VIELEN DANK FÜR EURE HILFE


----------



## nillehammer (14. Aug 2012)

So wie Du es Dir vorstellst, anhand der übergebenen Geräte-ID quasi dynamisch die richtige Tabelle zu finden, wird von Hibernate nicht unterstützt. Aus dem Dilemma siehe ich drei mögliche Auswege:

Du schreibst Dir eine DAO-Methode, die das entsprechend flexibel handhabt
Du schreibst eine abstrakte Klasse Geraet (MappedSuberclass) und leitest von dieser Klasse Geraet1, Geraet2 etc ab. Die abgeleiteten Klassen (Entity) kannst du dann 1 zu 1 auf die DB-Tabelle mappen.
Du machst Dir Gedanken über Dein Datenmodell. Es scheint mir keine gute Idee, für jedes Gerät eine extra Tabelle zu nehmen. Ich würde eher *eine* Tabelle Geraet sehen, die die Daten *aller* Geräte aufnimmt. Und dann eine Tabelle Messwert. Diese nimmt alle Messwerte auf und hat einen Fremdschlüssel zu Geraet. Dann kannst Du über OneToMany/ManyToOne so mappen, wie es dich gehört.


----------



## dcasdererwe (14. Aug 2012)

nillehammer hat gesagt.:


> Es scheint mir keine gute Idee, für jedes Gerät eine extra Tabelle zu nehmen. Ich würde eher *eine* Tabelle Geraet sehen, die die Daten aller Geräte aufnimmt. Und dann eine Tabelle Messwert. Diese nimmt alle Messwerte auf und hat einen Fremdschlüssel zu Geraet. Dann kannst Du über OneToMany/ManyToOne so mappen, wie es dich gehört.

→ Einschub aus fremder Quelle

(* Near 0, [J] behaves like [(x/2)^nu], which is positive and tends to 0; a sign change
   before [x1] would force an interior maximum, i.e. a critical point. *)
Lemma pos_before_first_critical (J : R -> R) (nu x1 xs a b : R) :
  0 < nu -> 0 < xs -> 0 < a -> 0 < b ->
  (forall x, 0 < x <= xs -> a * Rpower (x / 2) nu <= J x <= b * Rpower (x / 2) nu) ->
  first_pos_root_deriv J x1 -> forall y, 0 < y < x1 -> 0 < J y.
Proof.
  intros Hnu Hxs Ha Hb HJ Hroot y Hy.
  pose proof Hroot as [Hx1 [_ [Hd Hnd]]].
  set (eta := Rmin xs (x1 / 2)).
  assert (Heta : 0 < eta <= xs /\ eta < x1).
  { unfold eta. repeat split; [apply Rmin_glb_lt; lra|apply Rmin_l|].
    eapply Rle_lt_trans; [apply Rmin_r|lra]. }
  assert (Hpos : forall x, 0 < x <= eta -> 0 < J x).
  { intros x Hx. destruct (HJ x) as [Hlo _]; [lra|].
    pose proof (Rpower_pos (x / 2) nu). nra. }
  destruct (Rle_dec y eta) as [Hye|Hye]; [apply Hpos; lra|].
  destruct (Rlt_le_dec 0 (J y)) as [|HJy]; [assumption|exfalso].
  destruct (Rpower_small nu (a / b) Hnu ltac:(apply Rdiv_lt_0_compat; lra)) as [rho [Hrho Hsmall]].
  set (eps := rho * eta).
  assert (Heps : 0 < eps < eta) by (unfold eps; nra).
  assert (HJeps : J eps < J eta).
  { destruct (HJ eps) as [_ Hup]; [lra|]. destruct (HJ eta) as [Hlo _]; [lra|].
    replace (Rpower (eps / 2) nu) with (Rpower rho nu * Rpower (eta / 2) nu) in Hup.
    2: { rewrite Rpower_mult_distr by lra. unfold eps. f_equal. field. }
    pose proof (Rpower_pos (eta / 2) nu).
    assert (b * Rpower rho nu < a) by (apply (Rmult_lt_reg_l (/ b)); [auto with real|];
      field_simplify; [|lra|lra]; unfold Rdiv in Hsmall; lra).
    nra. }
  assert (HJeta := Hpos eta ltac:(lra)).
  pose proof (le_max_endpoints_of_noncritical J eps y ltac:(lra)
    ltac:(intros; apply (first_pos_root_deriv_continuity J x1 Hroot); lra)
    ltac:(intros; apply Hd; lra) ltac:(intros; apply Hnd; lra) eta ltac:(lra)) as Hmax.
  unfold Rmax in Hmax. destruct (Rle_dec (J eps) (J y)); lra.
Qed.
Lemma card_balls_meeting_ball (z' : V) (Rad' : R) (L : list (V -> Prop)) :
  0 <= Rad' -> NoDup L ->
  (forall B, In B L -> P B /\ exists x, B x /\ ball adj z' Rad' x) ->
  INR (length L) <= b * CU * Rpower (2 * Rad + Rad') alpha / (CL * Rpower Rad alpha).
Proof.
  intros HR'0 HndL HL.
  pose proof (overlap_const_ge0 P b Hb z') as Hb0.
  pose proof (Rpower_gt0 Rad alpha) as HRa.
  destruct (Hvol z' (2 * Rad + Rad')) as [nb [[lB [HndB [HinB <-]]] [_ Hnb]]]; [lra|].
  set (S := list_sum (map (fun B => count_in B lB) L)).
  (* each ball of L has at least C_L R^alpha points, all inside B(z', 2R + R') *)
  assert (Hlow : INR (length L) * (CL * Rpower Rad alpha) <= INR S).
  { apply list_sum_map_lower; intros B HB.
    destruct (HL B HB) as [PB [x [Bx Hx]]].
    destruct (proj1 HP B PB) as [z Hz].
    destruct (Hvol z Rad HR) as [nz [[lz [Hndz [Hinz <-]]] [Hnz _]]].
    apply Rle_trans with (1 := Hnz), le_INR, NoDup_incl_length; auto.
    intros y Hy; apply Hinz in Hy; apply In_filter_holds; split; [|apply Hz; auto].
    apply HinB, ball_le with (Rad' + Rad + Rad); [|lra].
    apply ball_trans with z; [apply ball_trans with x|auto].
    - exact Hx.
    - apply ball_sym, Hz; auto. }
  assert (Hup : INR S <= INR (length lB) * b).
  { unfold S; rewrite list_sum_count_swap; apply list_sum_map_upper; intros y _.
    apply (Hb y); [apply NoDup_filter; auto|].
    intros B HB; apply In_filter_holds in HB as [HBL By].
    split; [apply (HL B HBL)|auto]. }
  apply Rmult_le_reg_r with (CL * Rpower Rad alpha); [nra|].
  unfold Rdiv; rewrite Rmult_assoc, Rinv_l by nra.
  nra.
Qed.

Variables (Rad' : R) (P' : (V -> Prop) -> Prop).
Hypotheses (HP' : is_covering adj P' Rad') (HR'0 : 0 <= Rad').
Lemma estimate_holds k : estimate k.
Proof. by elim: k => [|k]; [exact: estimate0 | exact: estimateS]. Qed.

Lemma freg_residual_le_dual k :
  freg delta (xb k) + alpha * Acoef k / 2 * \sum_i pos (1 - nsum e (xb k) i) ^+ 2
  <= dual e delta (mu k).
Proof.
set A := Acoef k; set r := fun i => pos (1 - nsum e (xb k) i).
have A_gt0 : 0 < A := Acoef_gt0 k.
have nu_ge0 i : 0 <= alpha * A * r i by rewrite mulr_ge0 ?pos_ge0 // mulr_ge0 // ltW.
have := estimate_holds k nu_ge0; rewrite -addrA.
have -> : \sum_i zeta k i * (alpha * A * r i) - (2 * alpha)^-1 * \sum_i (alpha * A * r i) ^+ 2
  = A * (alpha * A / 2 * \sum_i r i ^+ 2).
  rewrite !mulr_sumr -sumrB; apply: eq_bigr => i _.
  rewrite zetaE -/A (_ : A * _ * _ = alpha * A ^+ 2 * ((1 - nsum e (xb k) i) * r i));
    last by ring.
  by rewrite mul_pos /r /=; field; rewrite gt_eqF.
by rewrite -/A -mulrDr ler_pM2l.
Qed.

Lemma lp_obj_alg_x_le k (xs : 'cV[R]_N) : lp_feasible e xs ->
  lp_obj (alg_x e delta alpha k) <= (1 + delta / 2) * lp_obj xs + N%:R / (2 * alpha * Acoef k).
Proof.
move=> xs_feas; have [_ xs_ge0] := xs_feas.
set A := Acoef k.
have A_gt0 : 0 < A := Acoef_gt0 k.
have -> : lp_obj (alg_x e delta alpha k) = \sum_i xb k i + \sum_i pos (1 - nsum e (xb k) i).
  by rewrite /lp_obj -big_split; apply: eq_bigr => i _; rewrite mxE.
have clip_box j : 0 <= Num.min (xs j 0) 1 <= 1 by rewrite le_min xs_ge0 ler01 ge_min lexx orbT.
have := dual_le_freg e_sym delta_gt0 (dual_step_ge0 e delta alpha (lam k)) clip_box
  (lp_feasible_clip xs_feas).
have := freg_clip_le delta_gt0 xs_ge0.
have := freg_residual_le_dual k.
have : \sum_i xb k i <= freg delta (xb k).
  by apply: ler_sum => j _; rewrite lerDl mulr_ge0 ?sqr_ge0 // divr_ge0 // ltW.
have : \sum_i pos (1 - nsum e (xb k) i)
    - alpha * A / 2 * \sum_i pos (1 - nsum e (xb k) i) ^+ 2 <= N%:R / (2 * alpha * A).
  have c_gt0 : 0 < alpha * A / 2 by rewrite divr_gt0 // mulr_gt0.
  have cE : (4 * (alpha * A / 2))^-1 = (2 * alpha * A)^-1 by congr (_^-1); field.
  have : \sum_i (pos (1 - nsum e (xb k) i)
                 - alpha * A / 2 * pos (1 - nsum e (xb k) i) ^+ 2)
      <= \sum_(i < N) (2 * alpha * A)^-1.
    by apply: ler_sum => i _; rewrite -cE sub_quad_le.
  by rewrite sumrB -mulr_sumr sumr_const card_ord [N%:R * _]mulr_natl.
rewrite /mu -/A; lra.
Qed.

End Algorithm.
Unset Implicit Arguments.

Theorem corollary1 (R : realType) :
  exists C : R, 0 < C /\
  forall (N : nat) (e : rel 'I_N), symmetric e -> irreflexive e ->
  forall eps : R, 0 < eps -> eps <= 1 ->
  forall xs : 'cV[R]_N, lp_optimal e xs ->
  let d1 : R := (dmax e).+1%:R in
  let delta := eps in
  let alpha := delta / (2 * d1 ^+ 2) in
  forall k : nat, C * (d1 * Num.sqrt d1) / eps <= k%:R ->
    (lp_obj (alg_x e delta alpha k) - lp_obj xs) / lp_obj xs <= eps.
Proof.
exists 3; split=> // N e e_sym _ eps eps_gt0 _ xs [xs_feas _] d1 delta alpha k k_ge.
have d1_gt0 : 0 < d1 by rewrite ltr0Sn.
have alpha_gt0 : 0 < alpha by rewrite divr_gt0 ?mulr_gt0 ?exprn_gt0.
have alpha_small : d1 ^+ 2 / (2 * delta) <= (2 * alpha)^-1.
  have -> : (2 * alpha)^-1 = d1 ^+ 2 / delta.
    by rewrite /alpha /delta; field; rewrite !gt_eqF // addrC natr1 ltr0Sn.
  have : 0 <= d1 ^+ 2 / delta by rewrite divr_ge0 ?sqr_ge0 ?ltW.
  rewrite invfM; lra.
have obj_le := lp_obj_alg_x_le e_sym eps_gt0 alpha_gt0 alpha_small k xs_feas.
have err_le : N%:R / (2 * alpha * Acoef R k) <= eps / 2 * lp_obj xs.
  rewrite (_ : N%:R / _ = N%:R * d1 ^+ 2 / (eps * Acoef R k)); last first.
    by rewrite /alpha /delta; field; rewrite !gt_eqF ?Acoef_gt0 // addrC natr1 ltr0Sn.
  apply: accelerated_error_le (card_le_lp_obj e_sym xs_feas) (Acoef_ge R k) _ => //.
  - exact: lp_obj_ge0 xs_feas.
  - exact: Acoef_gt0.
  - by rewrite -ler_pdivrMr.
have [->|O_neq0] := eqVneq (lp_obj xs) 0; first by rewrite invr0 mulr0 ltW.
rewrite ler_pdivrMr ?lt0r ?O_neq0 ?(lp_obj_ge0 xs_feas) //.
rewrite /delta in obj_le; lra.
Qed.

Vielen Dank für die schnelle Antwort. Die Struktur ist "historisch gewachsen". Ich persönlich würde auch nur eine Tabelle "Gerät" machen, aber wird nicht gewünscht


----------



## dcasdererwe (14. Aug 2012)

Eventuell hat es auch den Grund, dass die Abfragen durch das Vorselektieren schneller laufen. In einer Gerätetabelle liegen nicht nur 3 Messwerte ;-)


----------



## nillehammer (14. Aug 2012)

dcasdererwe hat gesagt.:
			
		

> Die Struktur ist "historisch gewachsen". Ich persönlich würde auch nur eine Tabelle "Gerät" machen, aber wird nicht gewünscht


Hab ich mir gedacht, deswegen hatte ich noch zwei andere Alternativen hingeschrieben. Ich würde dann an Deiner Stelle die zweite umsetzen.


----------



## nillehammer (14. Aug 2012)

> Eventuell hat es auch den Grund, dass die Abfragen durch das Vorselektieren schneller laufen. In einer Gerätetabelle liegen nicht nur 3 Messwerte


Das bezweifle ich. Eine Abfrage mit einem *einzigen* INNER JOIN auf die GeräteId wird vom DBMS schnell genug abgearbeitet. Dies ist kein Grund für eine De-Normalisierung.


----------



## dcasdererwe (14. Aug 2012)

nillehammer hat gesagt.:


> Das bezweifle ich. Eine Abfrage mit einem *einzigen* INNER JOIN auf die GeräteId wird vom DBMS schnell genug abgearbeitet. Dies ist kein Grund für eine De-Normalisierung.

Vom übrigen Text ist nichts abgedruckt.